Hello, I am using Kafka Streams to create batches of all events received on a time window.
Below is the code snippet showing how I am implementing this functionality:
builder.stream(inputTopic, Consumed.with(Serdes.String(), Serdes.String()))
.groupByKey()
.windowedBy(TimeWindows.ofSize(120))
.aggregate(
() -> new TestDataList(),
this::aggregateEvent,
Materialized.with(Serdes.String(), Serdes.String())
)
.suppress(untilWindowCloses(unbounded()))
.toStream()
.to(outputTopic, Produced.with(Serdes.String(), Serdes.String()))

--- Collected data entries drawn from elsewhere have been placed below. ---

Lemma lp_norm_delta (R : realType) (p : R) m (i : 'I_m) : 0 < p ->
  lp_norm p (fun j => (j == i)%:R) = 1.
Proof.
move=> p_gt0; rewrite /lp_norm (bigD1 i) //= eqxx normr1 powR1 big1 ?addr0 /=.
  by rewrite powR1.
by move=> j /negbTE ->; rewrite normr0 powR0 // gt_eqF.
Qed.

Lemma lp_norm_ones (R : realType) (p : R) m :
  lp_norm p (fun _ : 'I_m => 1) = m%:R `^ p^-1.
Proof. by rewrite /lp_norm normr1 powR1 sumr_const card_ord. Qed.

Lemma c0_norm_delta (R : realType) m (i : 'I_m) :
  c0_norm (fun j => (j == i)%:R : R) = 1.
Proof.
apply/le_anti/andP; split.
  by apply: bigmax_le => // j _; case: (j == i); rewrite ?normr1 ?normr0.
by rewrite /c0_norm (bigD1 i) //= eqxx normr1 le_max lexx.
Qed.

Lemma c0_norm_ones (R : realType) m : (0 < m)%N ->
  c0_norm (fun _ : 'I_m => 1 : R) = 1.
Proof.
case: m => // m _; apply/le_anti/andP; split.
  by apply: bigmax_le => // j _; rewrite normr1.
by rewrite /c0_norm (bigD1 ord0) //= normr1 le_max lexx.
Qed.

Theorem proposition1p2 (R : realType) (n : nat -> nat) (x : nat -> nat -> R)
  (V : normedModType R) (u : nat -> V) :
  admissible R n ->
  normalized_block_basis n x ->
  spreading_model n x u ->
  (forall p : R, 1 < p -> ~ block_fin_rep (lp_norm p) u) /\
  ~ block_fin_rep (@c0_norm R) u.
Proof.
move=> adm x_block x_spread; split=> [p p_gt1|].
  have p_gt0 : 0 < p by apply: lt_trans p_gt1.
  apply: (not_block_fin_rep_sublinear adm x_block x_spread (r := p^-1)).
  - by rewrite invr_gt0 p_gt0 invf_lt1.
  - by move=> m i; rewrite lp_norm_delta.
  - by move=> m _; rewrite lp_norm_ones.
apply: (not_block_fin_rep_sublinear adm x_block x_spread (r := 2^-1)).
- by rewrite invr_gt0 invf_lt1 ?ltr0n ?ltr1n.
- by move=> m i; rewrite c0_norm_delta.
- by move=> m m_gt0; rewrite c0_norm_ones // powR_ge1 ?ler1n ?invr_ge0.
Qed.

private TestDataList aggregateEvent(String key, String data, TestDataList list) {
list.add(new TestData(data));
return list;
}
Error encountered sending record to topic:
test-batch-config-KSTREAM-AGGREGATE-STATE-STORE-0000000001-changelog for task 0_0 due to:
org.apache.kafka.common.errors.RecordTooLargeException: The message is 1054490 bytes when serialized which is larger than 1048576, which is the value of the max.request.size configuration.
I’ve been reading about how to solve this and tried increasing the max.request.size
which works, but it seems this will need to be done every time the batch size increases, which is not ideal.

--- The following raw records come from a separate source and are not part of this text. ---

Let p0 := 1 / (1 + alpha).
Let c := alpha ^ 2 / (1 + alpha).
Let D0 := d0 G alpha.
Let q := Ginv G (1 - c).
Let th := q - D0.
Let level (x : R) := 1 / 2 + (1 - alpha) / 2 * G x.

Lemma levels :
  1 / 2 < p0 < 1 /\ 0 < c /\ p0 < 1 - c < 1 /\ 1 - p0 = alpha * p0 /\ alpha * (alpha * p0) = c.
Proof.
  unfold p0, c. assert (0 < alpha ^ 2 / (1 + alpha)) by (apply Rdiv_lt_0_compat; nra).
  repeat split; try lra.
  all: try (field; lra).
  all: apply Rmult_lt_reg_r with (2 * (1 + alpha)); [lra|]; field_simplify; nra.
Qed.

Lemma G_D0 : G D0 = p0.
Proof. apply G_Ginv. generalize levels; lra. Qed.

Lemma G_mD0 : G (- D0) = alpha * p0.
Proof. rewrite G_symm, G_D0. generalize levels; lra. Qed.

Lemma G_q : G q = 1 - c.
Proof. apply G_Ginv. generalize levels; lra. Qed.

Lemma G_mq : G (- q) = c.
Proof. rewrite G_symm, G_q. ring. Qed.

Lemma D0_pos : 0 < D0.
Proof.
  apply Rnot_le_lt. intros H. assert (G D0 <= G 0) by (apply G_mono; auto).
  rewrite G_D0, G_zero in H0. generalize levels; lra.
Qed.

Lemma th_pos : 0 < th.
Proof.
  apply Rnot_le_lt. intros H. assert (G q <= G D0) by (apply G_mono; unfold th in H; lra).
  rewrite G_q, G_D0 in H0. generalize levels; lra.
Qed.

Lemma lo_below (x : R) : x <= D0 -> lo G alpha x = 0.
Proof. intros. unfold lo. fold D0. destruct (Rlt_dec D0 x); [lra|auto]. Qed.

Lemma lo_above (x : R) : D0 < x -> lo G alpha x = x - Ginv G (level x).
Proof. intros. unfold lo. fold D0. destruct (Rlt_dec D0 x); [auto|lra]. Qed.

Lemma up_below (x : R) : x <= D0 -> up G alpha x = x - Ginv G (alpha * G x).
Proof. intros. unfold up. fold D0. destruct (Rle_dec x D0); [auto|lra]. Qed.

Lemma up_above (x : R) : D0 < x -> up G alpha x = x + Ginv G (level x).
Proof. intros. unfold up. fold D0. destruct (Rle_dec x D0); [lra|auto]. Qed.

Lemma level_range (x : R) : D0 < x -> p0 <= level x <= G x /\ level x <= 1 - alpha / 2.
Proof.
  intros Hx. assert (HG := G_mono D0 x ltac:(lra)). rewrite G_D0 in HG.
  assert (G1 := G_le_1 x). assert (L := levels). unfold level.
  assert (Hp0 : p0 * (1 + alpha) = 1) by (unfold p0; field; lra).
  repeat split; nra.
Qed.

(* l is nondecreasing beyond d0: the quantile increases by at most the
   shift, since increments of G shrink beyond the mode. *)
Lemma lo_mono (x y : R) : D0 < x -> x <= y -> lo G alpha x <= lo G alpha y.
Proof.
  intros Hx Hxy. rewrite !lo_above by lra.
  destruct (level_range x Hx) as [[Rx1 Rx2] Rx3].
  destruct (level_range y ltac:(lra)) as [[Ry1 Ry2] Ry3].
  assert (L := levels).
  set (px := Ginv G (level x)).
  assert (Gpx : G px = level x) by (apply G_Ginv; lra).
  assert (Hpx0 : 0 <= px).
  { apply Rnot_lt_le. intros H. assert (G px <= G 0) by (apply G_mono; lra).
    rewrite G_zero in H0. lra. }
  assert (Hpxx : px <= x) by (apply Ginv_le; lra).
  assert (Hinc := G_increment_shrinks px x (y - x) ltac:(lra) ltac:(lra)).
  replace (x + (y - x)) with y in Hinc by ring.
  assert (Ginv G (level y) <= px + (y - x)); [|lra].
  apply Ginv_le; [lra|]. unfold level in *. rewrite Gpx in Hinc.
  assert (G x <= G y) by (apply G_mono; lra). nra.
Qed.

(* u is nondecreasing below d0 where G > 0; this is where log-concavity enters. *)
Lemma up_mono (x y : R) : x <= y -> y <= D0 -> 0 < G x -> up G alpha x <= up G alpha y.
Proof.
  intros Hxy HyD Gx. rewrite !up_below by lra.
  assert (Gxy := G_mono x y Hxy). assert (Gy1 := G_le_1 y).
  set (p := Ginv G (alpha * G x)).
  assert (Gp : G p = alpha * G x) by (apply G_Ginv; split; nra).
  assert (Hpx : p <= x) by (apply Ginv_le; [split; nra | nra]).
  assert (Lc := G_logconcave p x (y - x) Hpx ltac:(lra)).
  replace (x + (y - x)) with y in Lc by ring. rewrite Gp in Lc.
  assert (alpha * G y <= G (p + (y - x))) by (apply Rmult_le_reg_l with (G x); nra).
  assert (Ginv G (alpha * G y) <= p + (y - x)) by (apply Ginv_le; [split; nra | lra]).
  lra.
Qed.

Lemma up_at_mD0 : th <= up G alpha (- D0).
Proof.
  assert (HD := D0_pos). assert (L := levels).
  rewrite up_below, G_mD0 by lra.
  replace (alpha * (alpha * p0)) with c by lra.
  assert (Ginv G c <= - q) by (apply Ginv_le; [lra | rewrite G_mq; lra]).
  unfold th. lra.
Qed.

(* -d0 lies below the alpha p0 quantile (G is strictly increasing near -d0). *)
Lemma Ginv_at_mD0 : - D0 <= Ginv G (alpha * p0).
Proof.
  destruct levels as [[Lp0 Lp1] [_ [_ [Ep0 _]]]]. assert (HD := D0_pos).
  apply (proj2 (Ginv_spec (alpha * p0) ltac:(split; nra))). intros z Hz.
  apply Rnot_lt_le. intros Hlt.
  assert (S := G_strict D0 (- z) ltac:(lra) ltac:(rewrite G_D0; lra)).
  rewrite G_D0, G_symm in S. lra.
Qed.

(* Beyond d0, u stays above th: u x >= 2 d0 >= u d0 >= u (-d0) >= th. *)
Lemma up_above_th (x : R) : D0 < x -> th <= up G alpha x.
Proof.
  intros Hx. assert (L := levels). assert (HD := D0_pos).
  rewrite up_above by auto. destruct (level_range x Hx) as [[R1 R2] R3].
  assert (D0 <= Ginv G (level x)) by (unfold D0, d0; apply Ginv_mono; fold p0; lra).
  assert (U := up_mono (- D0) D0 ltac:(lra) (Rle_refl _) ltac:(rewrite G_mD0; nra)).
  rewrite (up_below D0 (Rle_refl _)), G_D0 in U.
  generalize up_at_mD0 Ginv_at_mD0. lra.
Qed.

Let lower_ok (x : R) := th >= lo G alpha x.
Let s := linv G alpha th.

Lemma lower_ok_bounded (x : R) : lower_ok x -> x <= Rmax D0 (th + Ginv G (1 - alpha / 2)).
Proof.
  intros Hx. destruct (Rle_lt_dec x D0) as [H|H].
  - eapply Rle_trans; [exact H | apply Rmax_l].
  - unfold lower_ok in Hx. rewrite lo_above in Hx by auto.
    destruct (level_range x H) as [[R1 _] R3]. assert (L := levels).
    assert (Ginv G (level x) <= Ginv G (1 - alpha / 2)) by (apply Ginv_mono; lra).
    eapply Rle_trans; [|apply Rmax_r]. lra.
Qed.

Lemma lower_ok_D0 : lower_ok D0.
Proof. unfold lower_ok. rewrite lo_below by lra. generalize th_pos; lra. Qed.

Lemma s_is_lub : is_lub lower_ok s.
Proof.
  apply lub_spec; [|exists D0; apply lower_ok_D0].
  exists (Rmax D0 (th + Ginv G (1 - alpha / 2))). exact lower_ok_bounded.
Qed.

Lemma D0_le_s : D0 <= s.
Proof. apply (proj1 s_is_lub), lower_ok_D0. Qed.

Lemma lower_ok_below (x : R) : x < s -> lower_ok x.
Proof.
  intros Hx. destruct (Rle_lt_dec x D0) as [Hx0|Hx0].
  - unfold lower_ok. rewrite lo_below by auto. generalize th_pos; lra.
  - apply NNPP. intros Hn. assert (s <= x); [|lra].
    apply (proj2 s_is_lub). intros y Hy. apply Rnot_lt_le. intros Hyx. apply Hn.
    unfold lower_ok in *. assert (lo G alpha x <= lo G alpha y) by (apply lo_mono; lra). lra.
Qed.

Lemma lower_fails_above (x : R) : s < x -> th < lo G alpha x.
Proof.
  intros Hx. apply Rnot_le_lt. intros H.
  assert (x <= s) by (apply (proj1 s_is_lub); unfold lower_ok; lra). lra.
Qed.

Let upper_ok (x : R) := 0 < G x /\ th <= up G alpha x.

I wonder if there is a way of dinamycally limiting the size of the message sent to changelog topic, on this case the batch being created in the aggregate
function, so that it does not exceed the maximum request size. Something like splitting the TestaDataList
object everytimes it reaches 100 messages and produce not one, but many of them ?
Things I’ve tried:
suppress
operator,
.suppress(untilTimeLimit(ofSeconds(120), maxBytes(100_000L).emitEarlyWhenFull()))
but it seems this just control the memory usage and does not limit the size of the message sent to the changelog topic.
- Also I tried inheriting
ProductionExceptionHandler
to handleRecordTooLargeException
and resend the splitted message from there but I am not sure which key to use.
Any advice or recommendation on how to handle this situation would be appreciated.